======== The data
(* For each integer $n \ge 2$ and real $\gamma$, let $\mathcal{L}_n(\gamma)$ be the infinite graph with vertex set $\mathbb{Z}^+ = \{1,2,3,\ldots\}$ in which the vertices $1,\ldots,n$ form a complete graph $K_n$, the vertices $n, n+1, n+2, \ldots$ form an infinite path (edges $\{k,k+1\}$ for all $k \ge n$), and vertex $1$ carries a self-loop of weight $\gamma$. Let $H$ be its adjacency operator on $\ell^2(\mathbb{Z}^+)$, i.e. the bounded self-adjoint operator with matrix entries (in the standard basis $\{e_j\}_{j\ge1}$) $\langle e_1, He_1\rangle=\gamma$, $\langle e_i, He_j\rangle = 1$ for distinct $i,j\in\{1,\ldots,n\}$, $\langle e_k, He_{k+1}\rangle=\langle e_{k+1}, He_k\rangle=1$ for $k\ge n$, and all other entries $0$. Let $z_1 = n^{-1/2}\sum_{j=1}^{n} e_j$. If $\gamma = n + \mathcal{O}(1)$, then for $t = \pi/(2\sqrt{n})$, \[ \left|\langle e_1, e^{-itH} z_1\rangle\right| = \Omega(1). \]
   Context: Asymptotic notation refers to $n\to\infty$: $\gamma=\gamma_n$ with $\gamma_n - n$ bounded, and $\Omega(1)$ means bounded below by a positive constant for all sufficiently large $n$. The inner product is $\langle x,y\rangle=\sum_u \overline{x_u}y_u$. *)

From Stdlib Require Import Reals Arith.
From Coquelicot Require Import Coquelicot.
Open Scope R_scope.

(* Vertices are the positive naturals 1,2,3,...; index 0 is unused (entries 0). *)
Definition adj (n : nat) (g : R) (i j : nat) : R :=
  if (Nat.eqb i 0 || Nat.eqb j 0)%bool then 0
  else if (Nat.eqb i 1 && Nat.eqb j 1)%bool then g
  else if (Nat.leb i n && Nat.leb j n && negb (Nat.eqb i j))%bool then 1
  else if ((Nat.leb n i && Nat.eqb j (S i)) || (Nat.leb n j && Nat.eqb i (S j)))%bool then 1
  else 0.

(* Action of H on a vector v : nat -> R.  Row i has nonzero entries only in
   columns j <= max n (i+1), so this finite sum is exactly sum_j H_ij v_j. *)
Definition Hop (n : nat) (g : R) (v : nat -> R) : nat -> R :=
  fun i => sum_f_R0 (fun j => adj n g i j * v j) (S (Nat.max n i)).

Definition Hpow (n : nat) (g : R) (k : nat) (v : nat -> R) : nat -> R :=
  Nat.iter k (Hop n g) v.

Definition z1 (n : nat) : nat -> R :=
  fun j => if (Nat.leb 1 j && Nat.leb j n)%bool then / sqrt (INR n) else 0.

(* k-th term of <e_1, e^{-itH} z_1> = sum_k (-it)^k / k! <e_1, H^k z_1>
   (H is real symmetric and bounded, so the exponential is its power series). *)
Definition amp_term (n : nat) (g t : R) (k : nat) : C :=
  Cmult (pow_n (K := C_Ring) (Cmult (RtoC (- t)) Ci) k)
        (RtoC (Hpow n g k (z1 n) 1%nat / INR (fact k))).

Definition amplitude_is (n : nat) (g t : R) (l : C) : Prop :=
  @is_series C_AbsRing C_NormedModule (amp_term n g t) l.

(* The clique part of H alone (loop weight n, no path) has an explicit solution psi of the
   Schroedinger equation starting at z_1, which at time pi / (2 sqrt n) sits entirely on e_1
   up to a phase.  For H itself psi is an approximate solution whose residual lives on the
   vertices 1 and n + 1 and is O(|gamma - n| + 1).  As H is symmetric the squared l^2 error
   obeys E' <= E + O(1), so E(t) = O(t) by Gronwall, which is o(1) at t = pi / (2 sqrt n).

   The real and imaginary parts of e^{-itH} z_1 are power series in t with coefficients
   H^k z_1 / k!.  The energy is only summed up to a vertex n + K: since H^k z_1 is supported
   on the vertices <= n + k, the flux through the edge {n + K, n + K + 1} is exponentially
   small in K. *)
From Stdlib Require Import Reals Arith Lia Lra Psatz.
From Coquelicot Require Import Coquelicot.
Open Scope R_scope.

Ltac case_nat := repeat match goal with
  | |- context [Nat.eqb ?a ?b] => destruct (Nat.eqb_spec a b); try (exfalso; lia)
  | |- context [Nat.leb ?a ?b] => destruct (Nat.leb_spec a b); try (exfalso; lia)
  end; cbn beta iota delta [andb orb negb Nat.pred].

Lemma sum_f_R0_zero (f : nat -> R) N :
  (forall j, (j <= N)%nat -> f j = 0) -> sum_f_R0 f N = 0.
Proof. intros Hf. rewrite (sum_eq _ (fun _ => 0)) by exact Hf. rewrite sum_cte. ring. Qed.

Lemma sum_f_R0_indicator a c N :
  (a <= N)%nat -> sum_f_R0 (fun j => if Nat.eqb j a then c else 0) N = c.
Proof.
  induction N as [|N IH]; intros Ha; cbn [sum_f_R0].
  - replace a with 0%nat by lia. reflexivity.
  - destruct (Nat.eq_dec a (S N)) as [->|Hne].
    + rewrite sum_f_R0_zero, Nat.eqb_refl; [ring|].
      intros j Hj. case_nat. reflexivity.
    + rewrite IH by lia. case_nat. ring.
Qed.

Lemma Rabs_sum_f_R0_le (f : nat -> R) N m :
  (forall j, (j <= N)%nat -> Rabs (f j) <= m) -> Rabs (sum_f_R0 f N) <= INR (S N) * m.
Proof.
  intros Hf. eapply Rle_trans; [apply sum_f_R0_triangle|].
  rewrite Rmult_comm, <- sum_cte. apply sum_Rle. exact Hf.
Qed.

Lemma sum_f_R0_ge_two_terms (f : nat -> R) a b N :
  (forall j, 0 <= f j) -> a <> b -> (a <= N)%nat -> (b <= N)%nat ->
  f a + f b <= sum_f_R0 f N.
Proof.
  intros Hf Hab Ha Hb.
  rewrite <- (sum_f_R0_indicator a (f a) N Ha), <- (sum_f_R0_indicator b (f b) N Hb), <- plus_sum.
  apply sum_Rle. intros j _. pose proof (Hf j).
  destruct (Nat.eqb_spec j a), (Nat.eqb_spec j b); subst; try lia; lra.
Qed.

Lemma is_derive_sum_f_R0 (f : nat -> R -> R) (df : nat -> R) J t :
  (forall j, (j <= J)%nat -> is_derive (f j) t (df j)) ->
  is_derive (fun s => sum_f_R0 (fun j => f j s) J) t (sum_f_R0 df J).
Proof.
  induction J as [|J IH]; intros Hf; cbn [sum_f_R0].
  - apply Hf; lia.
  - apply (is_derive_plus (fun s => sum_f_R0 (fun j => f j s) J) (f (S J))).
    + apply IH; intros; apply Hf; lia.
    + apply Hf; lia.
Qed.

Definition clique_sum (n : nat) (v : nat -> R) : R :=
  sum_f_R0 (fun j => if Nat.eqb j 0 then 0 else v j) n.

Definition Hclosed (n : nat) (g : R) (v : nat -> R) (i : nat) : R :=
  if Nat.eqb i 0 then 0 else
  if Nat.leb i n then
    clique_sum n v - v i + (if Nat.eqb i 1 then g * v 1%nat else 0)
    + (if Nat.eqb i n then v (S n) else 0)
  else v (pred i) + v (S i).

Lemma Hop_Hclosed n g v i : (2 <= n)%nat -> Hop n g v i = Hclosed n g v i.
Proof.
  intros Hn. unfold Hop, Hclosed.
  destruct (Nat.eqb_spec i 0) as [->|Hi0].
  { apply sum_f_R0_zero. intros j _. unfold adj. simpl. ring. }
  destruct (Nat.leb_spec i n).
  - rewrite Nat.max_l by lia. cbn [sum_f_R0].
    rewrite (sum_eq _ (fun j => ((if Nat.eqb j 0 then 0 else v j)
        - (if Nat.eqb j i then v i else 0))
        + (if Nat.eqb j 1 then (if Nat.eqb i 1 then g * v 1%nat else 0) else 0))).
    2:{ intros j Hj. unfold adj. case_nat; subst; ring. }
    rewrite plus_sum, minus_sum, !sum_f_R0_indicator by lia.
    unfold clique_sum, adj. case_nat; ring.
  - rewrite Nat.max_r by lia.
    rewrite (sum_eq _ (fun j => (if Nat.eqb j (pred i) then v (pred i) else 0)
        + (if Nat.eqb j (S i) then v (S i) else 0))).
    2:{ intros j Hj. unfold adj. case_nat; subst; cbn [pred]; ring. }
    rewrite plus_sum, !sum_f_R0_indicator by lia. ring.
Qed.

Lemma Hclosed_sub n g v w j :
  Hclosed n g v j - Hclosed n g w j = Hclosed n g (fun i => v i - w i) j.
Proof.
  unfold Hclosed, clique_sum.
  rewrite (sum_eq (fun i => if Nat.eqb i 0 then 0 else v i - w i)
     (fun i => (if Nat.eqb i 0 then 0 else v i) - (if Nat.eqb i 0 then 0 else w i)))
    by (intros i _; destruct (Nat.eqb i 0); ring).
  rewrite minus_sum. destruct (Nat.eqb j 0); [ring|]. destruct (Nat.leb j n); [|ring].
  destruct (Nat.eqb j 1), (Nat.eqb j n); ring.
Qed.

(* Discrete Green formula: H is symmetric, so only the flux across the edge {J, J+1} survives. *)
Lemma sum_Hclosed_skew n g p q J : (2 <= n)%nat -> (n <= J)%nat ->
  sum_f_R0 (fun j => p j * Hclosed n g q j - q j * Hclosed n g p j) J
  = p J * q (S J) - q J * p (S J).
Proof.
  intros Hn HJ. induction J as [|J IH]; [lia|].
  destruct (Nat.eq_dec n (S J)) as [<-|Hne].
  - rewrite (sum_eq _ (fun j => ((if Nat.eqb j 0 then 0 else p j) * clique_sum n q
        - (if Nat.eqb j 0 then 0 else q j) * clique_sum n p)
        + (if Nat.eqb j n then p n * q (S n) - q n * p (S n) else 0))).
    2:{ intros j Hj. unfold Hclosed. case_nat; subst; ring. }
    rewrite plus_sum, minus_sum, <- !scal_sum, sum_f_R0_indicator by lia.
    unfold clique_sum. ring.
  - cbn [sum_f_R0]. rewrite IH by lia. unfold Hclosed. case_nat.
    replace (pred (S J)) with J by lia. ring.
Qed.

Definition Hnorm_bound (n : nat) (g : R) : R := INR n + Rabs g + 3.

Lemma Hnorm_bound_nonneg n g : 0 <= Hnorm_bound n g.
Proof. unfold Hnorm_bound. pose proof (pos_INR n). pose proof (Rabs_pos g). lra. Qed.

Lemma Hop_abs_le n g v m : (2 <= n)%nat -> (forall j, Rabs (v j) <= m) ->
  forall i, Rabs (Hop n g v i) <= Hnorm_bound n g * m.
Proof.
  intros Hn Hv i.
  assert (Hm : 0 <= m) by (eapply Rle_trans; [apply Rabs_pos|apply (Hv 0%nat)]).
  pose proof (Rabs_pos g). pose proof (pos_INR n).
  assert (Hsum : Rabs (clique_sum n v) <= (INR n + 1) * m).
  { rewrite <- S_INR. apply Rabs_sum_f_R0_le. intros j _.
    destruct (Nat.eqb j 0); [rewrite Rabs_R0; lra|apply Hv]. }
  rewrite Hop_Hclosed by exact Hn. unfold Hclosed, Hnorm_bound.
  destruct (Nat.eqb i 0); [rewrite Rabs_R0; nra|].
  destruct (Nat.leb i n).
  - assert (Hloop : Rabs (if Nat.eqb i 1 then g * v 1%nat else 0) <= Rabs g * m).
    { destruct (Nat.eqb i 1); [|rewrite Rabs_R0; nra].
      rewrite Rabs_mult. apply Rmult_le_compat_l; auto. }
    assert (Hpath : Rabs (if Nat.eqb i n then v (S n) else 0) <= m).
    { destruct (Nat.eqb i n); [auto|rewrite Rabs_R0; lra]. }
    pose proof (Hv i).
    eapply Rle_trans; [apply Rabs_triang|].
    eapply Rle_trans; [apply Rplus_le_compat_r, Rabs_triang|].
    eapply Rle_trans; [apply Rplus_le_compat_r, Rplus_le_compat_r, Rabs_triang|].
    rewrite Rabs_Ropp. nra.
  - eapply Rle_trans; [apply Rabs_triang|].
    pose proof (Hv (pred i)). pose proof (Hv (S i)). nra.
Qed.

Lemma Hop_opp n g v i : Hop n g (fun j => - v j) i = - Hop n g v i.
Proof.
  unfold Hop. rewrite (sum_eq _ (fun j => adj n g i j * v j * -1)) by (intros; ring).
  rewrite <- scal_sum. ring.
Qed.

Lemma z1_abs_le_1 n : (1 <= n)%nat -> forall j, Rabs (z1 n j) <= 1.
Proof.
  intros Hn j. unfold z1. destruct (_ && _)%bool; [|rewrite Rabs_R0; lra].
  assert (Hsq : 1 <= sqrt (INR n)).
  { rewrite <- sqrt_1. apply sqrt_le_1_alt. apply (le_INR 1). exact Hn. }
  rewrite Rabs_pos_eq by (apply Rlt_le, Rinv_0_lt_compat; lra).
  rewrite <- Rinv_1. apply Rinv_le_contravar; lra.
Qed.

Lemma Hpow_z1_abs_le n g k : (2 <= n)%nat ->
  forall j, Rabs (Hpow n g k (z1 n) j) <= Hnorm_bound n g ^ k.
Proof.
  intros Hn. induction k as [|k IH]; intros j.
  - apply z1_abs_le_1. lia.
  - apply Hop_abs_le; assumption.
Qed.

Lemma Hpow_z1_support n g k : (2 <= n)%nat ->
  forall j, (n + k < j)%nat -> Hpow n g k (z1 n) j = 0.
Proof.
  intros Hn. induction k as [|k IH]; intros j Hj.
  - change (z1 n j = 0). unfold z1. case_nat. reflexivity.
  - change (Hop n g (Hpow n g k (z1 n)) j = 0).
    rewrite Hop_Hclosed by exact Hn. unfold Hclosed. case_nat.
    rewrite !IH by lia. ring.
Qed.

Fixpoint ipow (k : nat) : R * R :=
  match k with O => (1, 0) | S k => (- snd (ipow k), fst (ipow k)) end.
================
======== The data
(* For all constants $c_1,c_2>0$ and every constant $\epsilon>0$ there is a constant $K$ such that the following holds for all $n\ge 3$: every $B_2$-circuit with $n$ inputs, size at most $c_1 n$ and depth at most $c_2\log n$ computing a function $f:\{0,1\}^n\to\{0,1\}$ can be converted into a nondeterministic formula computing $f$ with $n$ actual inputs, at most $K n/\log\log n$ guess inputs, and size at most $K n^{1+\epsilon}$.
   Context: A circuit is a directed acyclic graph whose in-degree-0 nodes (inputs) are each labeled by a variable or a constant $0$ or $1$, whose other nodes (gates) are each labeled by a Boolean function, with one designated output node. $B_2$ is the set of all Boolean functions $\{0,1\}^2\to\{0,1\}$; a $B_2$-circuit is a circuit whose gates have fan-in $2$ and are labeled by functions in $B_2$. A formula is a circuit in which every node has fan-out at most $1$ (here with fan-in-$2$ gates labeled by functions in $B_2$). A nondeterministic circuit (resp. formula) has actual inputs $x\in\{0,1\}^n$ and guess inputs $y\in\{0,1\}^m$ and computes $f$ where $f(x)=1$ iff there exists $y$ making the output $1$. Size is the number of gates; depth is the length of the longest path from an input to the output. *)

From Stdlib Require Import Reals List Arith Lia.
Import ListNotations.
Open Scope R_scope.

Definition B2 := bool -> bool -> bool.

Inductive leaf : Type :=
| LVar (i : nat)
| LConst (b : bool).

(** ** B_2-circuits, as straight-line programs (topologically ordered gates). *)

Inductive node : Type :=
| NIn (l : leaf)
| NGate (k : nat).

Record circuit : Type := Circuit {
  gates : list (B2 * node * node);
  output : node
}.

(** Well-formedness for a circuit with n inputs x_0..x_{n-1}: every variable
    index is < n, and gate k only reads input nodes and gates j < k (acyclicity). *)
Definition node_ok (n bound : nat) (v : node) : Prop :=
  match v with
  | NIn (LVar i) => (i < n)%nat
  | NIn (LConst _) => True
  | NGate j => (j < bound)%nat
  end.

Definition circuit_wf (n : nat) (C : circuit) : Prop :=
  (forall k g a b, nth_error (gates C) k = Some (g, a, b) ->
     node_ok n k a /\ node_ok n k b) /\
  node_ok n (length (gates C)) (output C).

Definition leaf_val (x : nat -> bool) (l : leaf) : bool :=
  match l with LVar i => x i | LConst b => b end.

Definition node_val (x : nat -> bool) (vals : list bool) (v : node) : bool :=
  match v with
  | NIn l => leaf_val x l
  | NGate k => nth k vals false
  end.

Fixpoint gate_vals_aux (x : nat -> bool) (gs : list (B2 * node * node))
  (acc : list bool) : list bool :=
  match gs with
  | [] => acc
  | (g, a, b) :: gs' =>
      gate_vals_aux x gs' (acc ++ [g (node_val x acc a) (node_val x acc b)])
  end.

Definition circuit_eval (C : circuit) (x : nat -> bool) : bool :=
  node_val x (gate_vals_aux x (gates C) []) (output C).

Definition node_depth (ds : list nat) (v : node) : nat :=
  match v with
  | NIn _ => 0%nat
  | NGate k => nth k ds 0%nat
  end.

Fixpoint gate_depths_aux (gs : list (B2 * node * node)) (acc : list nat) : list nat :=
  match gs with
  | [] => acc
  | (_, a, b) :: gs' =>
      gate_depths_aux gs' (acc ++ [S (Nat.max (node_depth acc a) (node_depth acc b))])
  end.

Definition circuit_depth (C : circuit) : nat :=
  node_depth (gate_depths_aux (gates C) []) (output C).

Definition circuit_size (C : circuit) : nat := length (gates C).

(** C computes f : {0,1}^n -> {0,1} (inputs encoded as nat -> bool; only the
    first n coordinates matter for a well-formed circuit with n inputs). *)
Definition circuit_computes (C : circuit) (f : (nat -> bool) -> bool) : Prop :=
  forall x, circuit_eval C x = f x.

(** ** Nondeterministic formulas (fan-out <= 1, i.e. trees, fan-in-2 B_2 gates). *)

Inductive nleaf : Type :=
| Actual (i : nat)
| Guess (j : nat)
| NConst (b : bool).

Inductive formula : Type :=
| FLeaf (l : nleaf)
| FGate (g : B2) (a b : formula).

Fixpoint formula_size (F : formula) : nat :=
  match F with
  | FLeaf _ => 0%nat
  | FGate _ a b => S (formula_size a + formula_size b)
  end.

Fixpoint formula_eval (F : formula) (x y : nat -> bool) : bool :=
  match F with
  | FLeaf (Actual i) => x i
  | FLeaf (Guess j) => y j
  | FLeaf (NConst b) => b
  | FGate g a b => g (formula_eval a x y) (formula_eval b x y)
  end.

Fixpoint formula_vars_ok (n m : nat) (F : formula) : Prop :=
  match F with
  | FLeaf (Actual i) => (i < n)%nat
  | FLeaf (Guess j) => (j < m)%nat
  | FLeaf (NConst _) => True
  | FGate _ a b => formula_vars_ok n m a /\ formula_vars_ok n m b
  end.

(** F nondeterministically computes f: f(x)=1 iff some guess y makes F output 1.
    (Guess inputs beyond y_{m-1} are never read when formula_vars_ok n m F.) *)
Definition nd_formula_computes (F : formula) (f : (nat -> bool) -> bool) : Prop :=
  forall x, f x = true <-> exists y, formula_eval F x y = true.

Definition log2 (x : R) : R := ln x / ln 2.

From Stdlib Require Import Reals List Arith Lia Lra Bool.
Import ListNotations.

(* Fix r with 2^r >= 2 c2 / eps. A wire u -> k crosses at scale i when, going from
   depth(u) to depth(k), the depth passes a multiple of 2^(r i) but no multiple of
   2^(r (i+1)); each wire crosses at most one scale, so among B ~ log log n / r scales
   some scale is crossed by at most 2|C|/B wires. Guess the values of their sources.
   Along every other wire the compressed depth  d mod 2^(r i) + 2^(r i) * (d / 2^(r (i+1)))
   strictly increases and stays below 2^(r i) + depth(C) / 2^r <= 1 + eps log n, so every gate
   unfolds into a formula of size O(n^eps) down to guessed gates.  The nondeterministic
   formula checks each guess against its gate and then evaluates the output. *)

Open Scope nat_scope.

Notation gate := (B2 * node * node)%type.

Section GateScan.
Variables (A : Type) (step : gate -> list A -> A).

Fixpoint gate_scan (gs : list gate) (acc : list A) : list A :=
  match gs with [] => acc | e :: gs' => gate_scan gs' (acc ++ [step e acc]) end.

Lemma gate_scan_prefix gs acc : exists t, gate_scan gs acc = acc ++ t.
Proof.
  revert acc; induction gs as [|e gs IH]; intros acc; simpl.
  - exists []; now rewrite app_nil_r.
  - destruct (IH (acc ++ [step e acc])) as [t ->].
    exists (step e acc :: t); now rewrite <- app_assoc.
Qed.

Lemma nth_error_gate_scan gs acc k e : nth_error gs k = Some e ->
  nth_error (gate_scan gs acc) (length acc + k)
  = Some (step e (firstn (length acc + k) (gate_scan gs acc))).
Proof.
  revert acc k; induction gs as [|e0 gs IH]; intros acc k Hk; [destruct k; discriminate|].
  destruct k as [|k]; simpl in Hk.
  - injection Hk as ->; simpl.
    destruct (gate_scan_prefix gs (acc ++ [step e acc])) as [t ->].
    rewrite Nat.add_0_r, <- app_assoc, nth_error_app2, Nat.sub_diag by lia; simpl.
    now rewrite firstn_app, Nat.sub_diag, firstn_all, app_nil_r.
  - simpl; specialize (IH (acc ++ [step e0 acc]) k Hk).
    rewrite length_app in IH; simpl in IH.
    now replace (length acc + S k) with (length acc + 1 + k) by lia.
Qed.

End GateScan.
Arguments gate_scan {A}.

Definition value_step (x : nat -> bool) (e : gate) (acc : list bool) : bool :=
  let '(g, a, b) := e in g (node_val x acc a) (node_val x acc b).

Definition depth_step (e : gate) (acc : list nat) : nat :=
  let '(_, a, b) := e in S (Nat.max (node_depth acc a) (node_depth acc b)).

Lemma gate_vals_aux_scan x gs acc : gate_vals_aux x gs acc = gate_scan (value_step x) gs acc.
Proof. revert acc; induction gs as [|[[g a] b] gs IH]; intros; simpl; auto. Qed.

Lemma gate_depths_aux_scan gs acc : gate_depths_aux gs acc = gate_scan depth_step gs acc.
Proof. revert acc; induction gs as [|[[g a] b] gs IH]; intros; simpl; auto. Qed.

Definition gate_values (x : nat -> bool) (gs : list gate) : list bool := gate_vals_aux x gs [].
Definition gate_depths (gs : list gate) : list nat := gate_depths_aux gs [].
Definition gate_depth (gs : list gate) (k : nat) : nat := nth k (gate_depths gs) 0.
================
======== The data
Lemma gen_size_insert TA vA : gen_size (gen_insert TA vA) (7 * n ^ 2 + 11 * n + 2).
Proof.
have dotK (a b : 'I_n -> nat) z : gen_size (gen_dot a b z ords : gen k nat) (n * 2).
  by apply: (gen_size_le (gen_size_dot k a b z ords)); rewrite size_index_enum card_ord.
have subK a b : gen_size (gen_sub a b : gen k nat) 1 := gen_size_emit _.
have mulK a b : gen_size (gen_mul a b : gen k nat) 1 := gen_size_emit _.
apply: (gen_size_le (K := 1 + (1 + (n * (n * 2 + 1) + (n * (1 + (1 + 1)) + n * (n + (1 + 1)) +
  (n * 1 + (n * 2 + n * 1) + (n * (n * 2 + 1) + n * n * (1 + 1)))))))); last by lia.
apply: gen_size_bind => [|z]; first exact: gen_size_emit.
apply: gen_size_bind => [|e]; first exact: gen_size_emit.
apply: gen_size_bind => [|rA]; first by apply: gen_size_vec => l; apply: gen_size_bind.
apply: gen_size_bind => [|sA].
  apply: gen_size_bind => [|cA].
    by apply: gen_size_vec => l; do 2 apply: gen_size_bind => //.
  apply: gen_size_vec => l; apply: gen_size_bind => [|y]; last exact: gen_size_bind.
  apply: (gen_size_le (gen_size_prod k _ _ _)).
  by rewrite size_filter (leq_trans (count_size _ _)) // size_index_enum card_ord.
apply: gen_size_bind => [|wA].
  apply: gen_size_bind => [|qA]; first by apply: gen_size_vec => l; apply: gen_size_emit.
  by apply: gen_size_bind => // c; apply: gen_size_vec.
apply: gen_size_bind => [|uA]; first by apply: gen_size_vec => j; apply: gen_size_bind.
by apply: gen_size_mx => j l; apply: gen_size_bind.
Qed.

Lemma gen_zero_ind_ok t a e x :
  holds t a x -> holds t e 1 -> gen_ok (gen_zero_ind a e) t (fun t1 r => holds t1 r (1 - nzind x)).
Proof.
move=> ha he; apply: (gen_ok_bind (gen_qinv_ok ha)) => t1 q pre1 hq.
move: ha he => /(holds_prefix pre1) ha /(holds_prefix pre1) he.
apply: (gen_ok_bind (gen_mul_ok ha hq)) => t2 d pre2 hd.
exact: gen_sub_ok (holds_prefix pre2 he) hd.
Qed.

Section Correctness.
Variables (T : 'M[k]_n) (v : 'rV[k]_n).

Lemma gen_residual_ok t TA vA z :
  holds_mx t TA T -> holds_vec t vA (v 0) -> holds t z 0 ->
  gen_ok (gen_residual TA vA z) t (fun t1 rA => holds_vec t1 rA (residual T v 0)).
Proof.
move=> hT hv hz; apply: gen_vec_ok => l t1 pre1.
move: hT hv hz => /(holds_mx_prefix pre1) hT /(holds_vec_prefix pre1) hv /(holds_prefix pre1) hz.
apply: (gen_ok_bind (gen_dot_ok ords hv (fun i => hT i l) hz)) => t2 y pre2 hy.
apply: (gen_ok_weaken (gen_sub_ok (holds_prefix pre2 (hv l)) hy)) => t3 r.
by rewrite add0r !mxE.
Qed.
================
■ Task instructions: Set down, from the entries above, exactly the lines from the one with "(* For each" up to and including the one with "(* k-th term", and no other lines.

■ Answer section:
(* For each integer $n \ge 2$ and real $\gamma$, let $\mathcal{L}_n(\gamma)$ be the infinite graph with vertex set $\mathbb{Z}^+ = \{1,2,3,\ldots\}$ in which the vertices $1,\ldots,n$ form a complete graph $K_n$, the vertices $n, n+1, n+2, \ldots$ form an infinite path (edges $\{k,k+1\}$ for all $k \ge n$), and vertex $1$ carries a self-loop of weight $\gamma$. Let $H$ be its adjacency operator on $\ell^2(\mathbb{Z}^+)$, i.e. the bounded self-adjoint operator with matrix entries (in the standard basis $\{e_j\}_{j\ge1}$) $\langle e_1, He_1\rangle=\gamma$, $\langle e_i, He_j\rangle = 1$ for distinct $i,j\in\{1,\ldots,n\}$, $\langle e_k, He_{k+1}\rangle=\langle e_{k+1}, He_k\rangle=1$ for $k\ge n$, and all other entries $0$. Let $z_1 = n^{-1/2}\sum_{j=1}^{n} e_j$. If $\gamma = n + \mathcal{O}(1)$, then for $t = \pi/(2\sqrt{n})$, \[ \left|\langle e_1, e^{-itH} z_1\rangle\right| = \Omega(1). \]
   Context: Asymptotic notation refers to $n\to\infty$: $\gamma=\gamma_n$ with $\gamma_n - n$ bounded, and $\Omega(1)$ means bounded below by a positive constant for all sufficiently large $n$. The inner product is $\langle x,y\rangle=\sum_u \overline{x_u}y_u$. *)

From Stdlib Require Import Reals Arith.
From Coquelicot Require Import Coquelicot.
Open Scope R_scope.

(* Vertices are the positive naturals 1,2,3,...; index 0 is unused (entries 0). *)
Definition adj (n : nat) (g : R) (i j : nat) : R :=
  if (Nat.eqb i 0 || Nat.eqb j 0)%bool then 0
  else if (Nat.eqb i 1 && Nat.eqb j 1)%bool then g
  else if (Nat.leb i n && Nat.leb j n && negb (Nat.eqb i j))%bool then 1
  else if ((Nat.leb n i && Nat.eqb j (S i)) || (Nat.leb n j && Nat.eqb i (S j)))%bool then 1
  else 0.

(* Action of H on a vector v : nat -> R.  Row i has nonzero entries only in
   columns j <= max n (i+1), so this finite sum is exactly sum_j H_ij v_j. *)
Definition Hop (n : nat) (g : R) (v : nat -> R) : nat -> R :=
  fun i => sum_f_R0 (fun j => adj n g i j * v j) (S (Nat.max n i)).

Definition Hpow (n : nat) (g : R) (k : nat) (v : nat -> R) : nat -> R :=
  Nat.iter k (Hop n g) v.

Definition z1 (n : nat) : nat -> R :=
  fun j => if (Nat.leb 1 j && Nat.leb j n)%bool then / sqrt (INR n) else 0.

(* k-th term of <e_1, e^{-itH} z_1> = sum_k (-it)^k / k! <e_1, H^k z_1>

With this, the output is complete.